Lemma attach_irr : irreflexive t -> irreflexive attach.
Proof.
by move=> I u; case: (unliftP l u) => [x ->|->]; rewrite ?attach_ll ?attach_LL.
Qed.

(* A cycle through the new leaf l would visit its unique neighbour twice. *)
Lemma attach_cycle_avoids_new x p :
  uniq (x :: p) -> cycle attach (x :: p) -> (2 <= size p)%N -> l \notin x :: p.
Proof.
move=> un cyc sz; apply/negP => lin.
case: (rot_to lin) => i q Er.
have := rot_cycle i attach (x :: p); rewrite Er cyc /= rcons_path => /andP [pq lq].
have := rot_uniq i (x :: p); rewrite Er un => unq.
have szq : (2 <= size q)%N.
  by have := size_rot i (x :: p); rewrite Er /= => [[->]].
case: q Er pq lq szq unq => [|a q] //= Er /andP [la _] lq szq.
case: q Er lq szq => [|b q] //= Er lq szq /andP [_ /andP [anin _]].
by move: anin; rewrite (attach_Lu la) -(attach_uL lq) (mem_last b q).
Qed.

Lemma attach_tree : is_tree t -> is_tree attach.
Proof.
case=> S I C Ac; split; [exact: attach_sym | exact: attach_irr | |].
  have Cm : forall u, connect attach (lift l m) u.
    move=> u; case: (unliftP l u) => [x ->|->].
      by apply: (connect_emb (g := lift l)) (C m x) => a b; rewrite attach_ll.
    by apply: connect1; rewrite attach_lL.
  move=> u w; apply: connect_trans (Cm w).
  by rewrite (sym_connect_sym (attach_sym S)).
move=> [x [p [sz un pth lst]]].
have cyc : cycle attach (x :: p) by rewrite /= rcons_path pth lst.
have lnin := attach_cycle_avoids_new un cyc sz.
apply: Ac; exists (contract x), (map contract p).
have nl : forall u, u \in x :: p -> lift l (contract u) = u.
  move=> u uin; case: (unliftP l u) => [y ->|E]; first by rewrite contract_lift.
  by move: lnin; rewrite -E uin.
have Ep : map (lift l) (map contract p) = p.
  by rewrite -map_comp map_id_in // => u uin /=; apply: nl; rewrite inE uin orbT.
split.
- by rewrite size_map.
- by rewrite -(map_inj_uniq (@lift_inj _ l)) /= nl ?mem_head // Ep.
- by rewrite -path_attach_lift nl ?mem_head // Ep.
- by rewrite -attach_ll -last_map Ep !nl ?mem_head ?mem_last.
Qed.

Lemma attach_tree_inv : is_tree attach -> is_tree t.
Proof.
case=> S I C Ac; split.
- by move=> x y; rewrite -!attach_ll S.
- by move=> x; rewrite -attach_ll I.
- move=> x y; have := connect_hom attach_contract (C (lift l x) (lift l y)).
  by rewrite !contract_lift.
move=> [x [p [sz un pth lst]]]; apply: Ac.
exists (lift l x), (map (lift l) p); split.
- by rewrite size_map.
- by rewrite -map_cons (map_inj_uniq (@lift_inj _ l)).
- by rewrite path_attach_lift.
- by rewrite last_map attach_ll.
Qed.

Lemma attach_nbset x : [set w | attach (lift l x) w] =
  lift l @: [set y | t x y] :|: (if x == m then [set l] else set0).
Proof.
apply/setP => w; rewrite !inE.
case: (unliftP l w) => [y ->|->].
  rewrite attach_ll (mem_imset _ _ (@lift_inj _ l)) inE.
  case: (x == m); rewrite ?inE; last by rewrite orbF.
  by rewrite eq_sym (negbTE (neq_lift _ _)) orbF.
rewrite attach_lL; case: (x == m); rewrite ?inE ?eqxx ?orbT //.
rewrite orbF; apply/esym/imsetP => [[y _ /eqP]].
by rewrite (negbTE (neq_lift _ _)).
Qed.

Lemma tdeg_attach_lift x : tdeg attach (lift l x) = (tdeg t x + (x == m))%N.
Proof.
rewrite /tdeg attach_nbset cardsU (card_imset _ (@lift_inj _ l)).
have -> : lift l @: [set y | t x y] :&: (if x == m then [set l] else set0) = set0.
  apply/setP => w; rewrite !inE; case: (x == m); rewrite ?inE ?andbF //.
  apply/negP => /andP [/imsetP [y _ ->]]; by rewrite eq_sym (negbTE (neq_lift _ _)).
by rewrite cards0 subn0; case: (x == m); rewrite ?cards1 ?cards0.
Qed.

Lemma tdeg_attach_new : tdeg attach l = 1%N.
Proof.
rewrite /tdeg -(cards1 (lift l m)); congr (#|pred_of_set _|).
apply/setP => w; rewrite !inE.
apply/idP/idP; first by move/attach_Lu->.
by move/eqP->; rewrite attach_Ll.
Qed.

End Attach.

Lemma ord0_absurd (v : 'I_0) : False.
Proof. by case: v. Qed.

Lemma bdec_empty (E : finType) (f : {set E} -> nat) k :
  (E -> False) -> bdec_width_le f k.
Proof.
move=> He; exists 0, (fun _ _ => false), (fun v => False_rect E (ord0_absurd v)).
split; try by move=> v; case: (ord0_absurd v).
- split; try by move=> v; case: (ord0_absurd v).
  by case=> v [p _]; case: (ord0_absurd v).
- by move=> e; case: (He e).
Qed.

Lemma leaf_attach n (T : rel 'I_n.+2) l : is_tree T -> is_leaf T l ->
  exists m : 'I_n.+1, T = attach (fun x y => T (lift l x) (lift l y)) m l.
Proof.
case=> S I C Ac lf.
have [w Tlw] : exists w, T l w.
  case/connectP: (C l (lift l ord0)) => [[|w p] /= pth E].
    by move: (neq_lift l ord0); rewrite E eqxx.
  by exists w; case/andP: pth.
case: (unliftP l w) Tlw => [m ->|->]; last by rewrite I.
move=> Tlm; exists m.
apply: functional_extensionality => u; apply: functional_extensionality => v.
case: (unliftP l u) => [x ->|->]; case: (unliftP l v) => [y ->|->].
- by rewrite attach_ll.
- rewrite attach_lL S; apply/idP/idP; first by move/(leaf_nb_uniq lf Tlm)/lift_inj->.
  by move/eqP->.
- rewrite attach_Ll; apply/idP/idP; first by move/(leaf_nb_uniq lf Tlm)/lift_inj->.
  by move/eqP->.
- by rewrite attach_LL I.
Qed.

(* A decomposition in which only the leaves in K carry meaningful labels; the
   other leaves are waiting to be pruned. *)
Section Prune.
Variables (E : finType) (f : {set E} -> nat) (k : nat).

Record dec_on n (t : rel 'I_n) (tau : 'I_n -> E) (K : {set 'I_n}) : Prop := DecOn {
  don_tree : is_tree t;
  don_deg : forall v, (tdeg t v <= 3)%N;
  don_leaf : forall v, v \in K -> is_leaf t v;
  don_inj : {in K &, injective tau};
  don_cov : forall e, exists2 v, v \in K & tau v = e;
  don_width : forall a b, t a b -> (f (tau @: (side t a b :&: K)) <= k)%N }.

Lemma dec_on_prune n (T : rel 'I_n.+2) tau K l :
  dec_on T tau K -> is_leaf T l -> l \notin K ->
  exists t' tau' K', @dec_on n.+1 t' tau' K'.
Proof.
move=> kd lf lK; have [m ET] := leaf_attach (don_tree kd) lf.
set t' := (fun x y => T (lift l x) (lift l y)) in ET.
rewrite ET in kd lf; case: kd => tr dg lv inj cov wd.
exists t', (fun x => tau (lift l x)), [set x | lift l x \in K]; split.
- exact: attach_tree_inv tr.
- by move=> v; apply: leq_trans (dg (lift l v)); rewrite tdeg_attach_lift leq_addr.
- move=> v; rewrite inE => /lv; rewrite /is_leaf tdeg_attach_lift.
  by apply: leq_trans; rewrite leq_addr.
- by move=> x y; rewrite !inE => xK yK /(inj _ _ xK yK) /lift_inj.
- move=> e; case: (cov e) => v vK <-.
  case: (unliftP l v) vK => [x ->|->]; last by rewrite (negbTE lK).
  by move=> xK; exists x; rewrite ?inE.
- move=> a b tab; have := wd (lift l a) (lift l b); rewrite attach_ll => /(_ tab).
  suff -> : side (attach t' m l) (lift l a) (lift l b) :&: K =
            lift l @: (side t' a b :&: [set x | lift l x \in K]).
    by rewrite -imset_comp.
  apply/setP => u; rewrite !inE.
  case: (unliftP l u) => [x ->|->].
    rewrite (mem_imset _ _ (@lift_inj _ l)) !inE attach_side_old.
    case: (boolP (lift l x \in K)) => xK; rewrite ?andbF //.
    have := lv _ xK; rewrite /is_leaf tdeg_attach_lift => lx.
    by rewrite lx (leq_trans _ lx) ?leq_addr.
  rewrite (negbTE lK) andbF; apply/esym/negP => /imsetP [x _ /eqP].
  by rewrite (negbTE (neq_lift _ _)).
Qed.

Lemma dec_on_all n t tau K : @dec_on n t tau K ->
  (forall v, is_leaf t v -> v \in K) -> bdec_width_le f k.
Proof.
case=> tr dg lv inj cov wd allK; exists n, t, tau; split => //.
- by move=> x y lx ly; apply: inj; apply: allK.
- by move=> e; case: (cov e) => v /lv lf <-; exists v.
- move=> a b tab; have := wd a b tab.
  suff -> : side t a b :&: K = side t a b by [].
  apply/setP => u; rewrite !inE; case: (boolP (is_leaf t u)) => //= lu.
  by rewrite (allK u lu) andbT.
Qed.

Lemma dec_on_bdec n t tau K : @dec_on n t tau K -> bdec_width_le f k.
Proof.
elim: n t tau K => [|n IH] t tau K kd.
  by apply: bdec_empty => e; case: (don_cov kd e) => v _ _; case: (ord0_absurd v).
case: (boolP [forall v, is_leaf t v ==> (v \in K)]) => [/forallP allK|].
  by apply: dec_on_all kd _ => v; apply/implyP.
move/forallPn => [l]; rewrite negb_imply => /andP [lf lK].
case: (pickP (fun e : E => true)) => [e _|He]; last first.
  by apply: bdec_empty => e; have := He e.
case: n IH t tau K kd l lf lK => [|n] IH t tau K kd l lf lK.
  case: (don_cov kd e) => v vK _.
  by move: lK; rewrite (ord1 l) -(ord1 v) vK.
have [t' [tau' [K' kd']]] := dec_on_prune kd lf lK.
exact: IH kd'.
Qed.

End Prune.

(* Pushing a decomposition forward along pi : E1 -> E2: keep the leaves
   labelled in a transversal R of the fibres and prune the others. *)
Lemma bdec_push (E1 E2 : finType) (f1 : {set E1} -> nat) (f2 : {set E2} -> nat)
  (pi : E1 -> E2) (R : {set E1}) k :
  {in R &, injective pi} -> (forall y, exists2 x, x \in R & pi x = y) ->
  (forall X, f2 (pi @: (X :&: R)) <= f1 X)%N ->
  bdec_width_le f1 k -> bdec_width_le f2 k.
Proof.
move=> piI piS Hf [n [t [tau [tr dg inj cov wd]]]].
pose K := [set v | is_leaf t v && (tau v \in R)].
apply: (@dec_on_bdec _ _ _ n t (fun v => pi (tau v)) K); split => //.
- by move=> v; rewrite inE => /andP [].
- move=> u v; rewrite !inE => /andP [lu Ru] /andP [lv Rv] /(piI _ _ Ru Rv).
  exact: inj.
- move=> y; case: (piS y) => x xR <-; case: (cov x) => v lv Ev.
  by exists v; rewrite ?inE ?lv ?Ev.
- move=> a b tab.
  have sideK : tau @: (side t a b :&: K) = tau @: side t a b :&: R.
    apply/setP => z; rewrite inE; apply/imsetP/andP.
      case=> v; rewrite inE => /andP [sv]; rewrite inE => /andP [_ Rv] ->.
      by split => //; apply: imset_f.
    case=> /imsetP [v sv ->] Rv; exists v => //.
    by rewrite !inE Rv andbT; move: sv; rewrite inE => /andP [-> ->].
  by rewrite imset_comp sideK; apply: leq_trans (Hf _) (wd a b tab).
Qed.

Definition leaves n (t : rel 'I_n) : {set 'I_n} := [set v | is_leaf t v].

Lemma in_leaves n (t : rel 'I_n) v : (v \in leaves t) = is_leaf t v.
Proof. by rewrite inE. Qed.

Lemma imsetD1_in (T1 T2 : finType) (g : T1 -> T2) (A : {set T1}) a :
  {in A &, injective g} -> a \in A -> g @: (A :\ a) = g @: A :\ g a.
Proof.
move=> gI aA; apply/setP => z; rewrite !inE; apply/imsetP/andP.
  case=> v; rewrite !inE => /andP [va vA] ->; split; last exact: imset_f.
  by apply: contra va => /eqP /(gI _ _ vA aA) ->.
case=> za /imsetP [v vA Ev]; exists v => //; rewrite !inE vA andbT.
by apply: contraNneq za => va; rewrite Ev va.
Qed.

Variant split_vertex_spec n (u : 'I_n.+2) : Prop :=
 | SplitOld v of u = lift ord_max (lift ord_max v)
 | SplitNew1 of u = lift ord_max ord_max
 | SplitNew2 of u = ord_max.

Lemma split_vertexP n (u : 'I_n.+2) : split_vertex_spec u.
Proof.
case: (unliftP ord_max u) => [u1 ->|->]; last exact: SplitNew2.
case: (unliftP ord_max u1) => [v ->|->]; [exact: SplitOld | exact: SplitNew1].
Qed.

(* Splitting the leaf lr of t: two new leaves new1, new2 are attached to lr.
   Given a labelling tau of the leaves of t and a new label x, new1 takes over
   the label of lr and new2 receives x. *)
Section SplitLeaf.
Variables (n : nat) (t : rel 'I_n) (lr : 'I_n).

Definition split_tree : rel 'I_n.+2 :=
  attach (attach t lr ord_max) (lift ord_max lr) ord_max.

Local Notation old v := (lift ord_max (lift ord_max v) : 'I_n.+2).
Local Notation new1 := (lift ord_max ord_max : 'I_n.+2).
Local Notation new2 := (ord_max : 'I_n.+2).

Lemma split_oo a b : split_tree (old a) (old b) = t a b.
Proof. by rewrite /split_tree !attach_ll. Qed.
Lemma split_o1 a : split_tree (old a) new1 = (a == lr).
Proof. by rewrite /split_tree attach_ll attach_lL. Qed.
Lemma split_1o a : split_tree new1 (old a) = (a == lr).
Proof. by rewrite /split_tree attach_ll attach_Ll. Qed.
Lemma split_o2 a : split_tree (old a) new2 = (a == lr).
Proof. by rewrite /split_tree attach_lL (inj_eq (@lift_inj _ _)). Qed.
Lemma split_2o a : split_tree new2 (old a) = (a == lr).
Proof. by rewrite /split_tree attach_Ll (inj_eq (@lift_inj _ _)). Qed.
Lemma split_11 : split_tree new1 new1 = false.
Proof. by rewrite /split_tree attach_ll attach_LL. Qed.
Lemma split_12 : split_tree new1 new2 = false.
Proof. by rewrite /split_tree attach_lL (negbTE (neq_lift _ _)). Qed.
Lemma split_21 : split_tree new2 new1 = false.
Proof. by rewrite /split_tree attach_Ll (negbTE (neq_lift _ _)). Qed.
Lemma split_22 : split_tree new2 new2 = false.
Proof. by rewrite /split_tree attach_LL. Qed.

Lemma split_tree_tree : is_tree t -> is_tree split_tree.
Proof. by move=> tr; apply: attach_tree; apply: attach_tree. Qed.

Lemma tdeg_split_old v : tdeg split_tree (old v) = (tdeg t v + (v == lr) + (v == lr))%N.
Proof.
by rewrite /split_tree !tdeg_attach_lift (inj_eq (@lift_inj _ _)).
Qed.
Lemma tdeg_split_new1 : tdeg split_tree new1 = 1%N.
Proof.
by rewrite /split_tree tdeg_attach_lift tdeg_attach_new (negbTE (neq_lift _ _)).
Qed.
Lemma tdeg_split_new2 : tdeg split_tree new2 = 1%N.
Proof. by rewrite /split_tree tdeg_attach_new. Qed.

Lemma split_side_oo a b v :
  connect (del_edge split_tree (old a) (old b)) (old a) (old v) =
  connect (del_edge t a b) a v.
Proof. by rewrite /split_tree !attach_side_old. Qed.
Lemma split_side_o1 a b :
  connect (del_edge split_tree (old a) (old b)) (old a) new1 =
  connect (del_edge t a b) a lr.
Proof. by rewrite /split_tree attach_side_old attach_side_old_new. Qed.
Lemma split_side_o2 a b :
  connect (del_edge split_tree (old a) (old b)) (old a) new2 =
  connect (del_edge t a b) a lr.
Proof. by rewrite /split_tree attach_side_old_new attach_side_old. Qed.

-- TASK INSTRUCTIONS --
Which lines run from the one holding "apply/negP => /andP" through the one holding "rewrite /tdeg -(cards1" in the records above? Repeat them exactly, both included, and nothing more.

-- SOLUTION TO THIS TASK --
  apply/negP => /andP [/imsetP [y _ ->]]; by rewrite eq_sym (negbTE (neq_lift _ _)).
by rewrite cards0 subn0; case: (x == m); rewrite ?cards1 ?cards0.
Qed.

Lemma tdeg_attach_new : tdeg attach l = 1%N.
Proof.
rewrite /tdeg -(cards1 (lift l m)); congr (#|pred_of_set _|).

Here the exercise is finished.